This was a fairly easy problem from a recent Sphere programming contest. Most everyone here should be able to solve it - GamerFreak, take a break from the OS and do this one.
There are three different types of permutations:
Regular permutations. Examples...
1 2 3 4 5
3 2 5 4 1
4 3 1 5 2
Inverse Permutations. These are based on a regular permutation and tell you where the number at a given index is located in the regular permutation. Examples...
reg: 1 3 2 inv: 1 3 2
reg: 2 3 1 inv: 3 1 2
reg: 2 1 3 5 4 inv: 2 1 3 4 5
reg: 1 inv: 1
Ambiguous Permutations. These are permutations where the regular and inverse permutation are the same.
reg 1 2 3 inv 1 2 3 - ambiguous
reg 3 2 1 inv 3 2 1 - ambiguous
reg 1 3 2 inv 1 3 2 - ambiguous
reg 3 1 2 inv 2 3 1 - not ambiguous
Input file format:
3 - permutation size
1 2 3 - permutation
3 - permutation size
2 1 3 - permutation
0 - input terminator
Here is an example...
Code:
input:
4
1 4 3 2
5
2 3 4 5 1
1
1
7
6 3 7 2 1 4 5
5
4 1 3 2 5
5
1 3 5 4 2
5
2 5 3 1 4
5
2 5 1 3 4
0
output:
ambiguous
not ambiguous
ambiguous
not ambiguous
not ambiguous
not ambiguous
not ambiguous
not ambiguous
As I said, the problem isn't very hard. A simple brute force solution can be done in under 20 minutes. However, the contest imposed a pretty serious cpu time limit on the problem. The input file could have up to 50,000 permutations each of which were anywhere from 1 to 100000 in size which had to be processed in under 10 seconds (and these guys use some pretty old hardware to run their tests)! After fiddling with it for some time, I was able to reduce my orginal runtime by a factor of 7, but I still don't think it is quite fast enough for a successful contest submission.

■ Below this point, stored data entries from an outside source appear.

(* Let $G=(V,E)$ be a connected graph with $n\ge2$ vertices, with adjacency eigenvalues $\lambda_1(G)\ge\lambda_2(G)\ge\cdots\ge\lambda_n(G)$. Let $\rho_V(G)=\max_{v\in V}\rho(G-v)$ and $\rho_E(G)=\max_{e\in E}\rho(G-e)$. Then: (a) $\lambda_2(G)<\rho_V(G)\le\rho_E(G)$; (b) if $G$ is non-bipartite, then $-\lambda_n(G)<\rho_E(G)$; (c) if $\Gamma(G)$ is nonempty, then $\rho_\Gamma(G)<\rho_E(G)$, where $\rho_\Gamma(G)=\max_{G_\pi\in\Gamma(G)}\rho(G_\pi)$.
   Context: All graphs are finite, simple and undirected. $G-v$ is obtained by deleting vertex $v$ and its incident edges; $G-e$ is obtained by deleting edge $e$ (keeping all vertices). $\rho(\cdot)$ denotes the spectral radius (largest modulus of an eigenvalue) of the adjacency matrix. A signed graph $G_\pi$ is a pair $(G,\pi)$ with $\pi:E\to\{+1,-1\}$, with adjacency matrix having entry $\pi(\{i,j\})$ for adjacent $i,j$ and $0$ otherwise; $\rho(G_\pi)$ is the largest modulus of its eigenvalues. $\Gamma(G)=\{G_\pi:\ \pi:E\to\{\pm1\},\ \rho(G_\pi)<\rho(G)\}$. *)

(* scalars in algC (algebraic complex numbers, an
   algebraically closed numeric field), so every characteristic polynomial
   splits and eigenvalues (with multiplicity) are available. *)
From HB Require Import structures.
From mathcomp Require Import all_boot all_order all_algebra all_field.
Set Implicit Arguments. Unset Strict Implicit. Unset Printing Implicit Defensive.
Import Order.TTheory GRing.Theory Num.Theory.
Local Open Scope ring_scope.

Definition simple_graph n (adj : rel 'I_n) : Prop :=
  (forall i j, adj i j = adj j i) /\ (forall i, ~~ adj i i).

Definition connected_graph n (adj : rel 'I_n) : Prop :=
  forall i j, connect adj i j.

Definition bipartite n (adj : rel 'I_n) : Prop :=
  exists f : 'I_n -> bool, forall i j, adj i j -> f i != f j.

Definition adjmx n (adj : rel 'I_n) : 'M[algC]_n :=
  \matrix_(i, j) (adj i j)%:R.

Definition del_vertex n (adj : rel 'I_n) (v : 'I_n) : rel 'I_n.-1 :=
  fun x y => adj (lift v x) (lift v y).

Definition del_edge n (adj : rel 'I_n) (a b : 'I_n) : rel 'I_n :=
  fun x y => adj x y && ~~ (((x == a) && (y == b)) || ((x == b) && (y == a))).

On my work computer, I am able to process 100 permutations of 100,000 length in just under 4 seconds using basically a brute force algorithm (make that 3.1 seconds using the jvm -server flag). My work machine has the worlds worst virus scanner constantly runnign in the background, so I'm not sure about how good or bad that time is. I would be interested in seeing some other solutions and their times. Here is a bit of code to generate the permutations... note: this peice of code takes a little bit of time to generate the permutations.
Code:
import java.util.*;
/*
* GenerateAmiguousPermutations.java
*
* Created on July 2, 2005, 8:08 PM
*/
/**
*
* @author Larry Hignight
*/
public class GenerateAmbiguousPermutations {
public static void main(String[] args) {
if (args.length != 3) {
System.out.println("usage: number of permutations, maximum permutation size, minimum permutation size");
System.exit(-1);
}
int num = Integer.parseInt(args[0]);
int max = Integer.parseInt(args[1]);
int min = Integer.parseInt(args[2]);
for (int i = 0; i < num; i++) {
int size = max;
if (min != max) {
do {
size = (int) (Math.random() * max + 1);
} while (size < min);
}
ArrayList perm = createPermutation(size);
String s = perm.toString().replaceAll("[\\[\\],]","");
System.out.println(size);
System.out.println(s);
}
System.out.println("0");
System.exit(0);
}
public static ArrayList createPermutation(int size) {
ArrayList al = new ArrayList();
for (int i = 0; i < size; i++)
al.add(new Integer(i + 1));
Collections.shuffle(al);
return al;
}
}
Probably a better problem to reduce the variability in time due to the randomness of the permutation file generator would be a program that returns the number of ambiguous permutations for all permutations of a given length. Example...
n = 2
perms: 12, 21
inverse: 12, 21
return 2
n=3
perms: 123, 132, 213, 231, 312, 321
inverse: 123, 132, 213, 312, 231, 321
returns 4
Have fun.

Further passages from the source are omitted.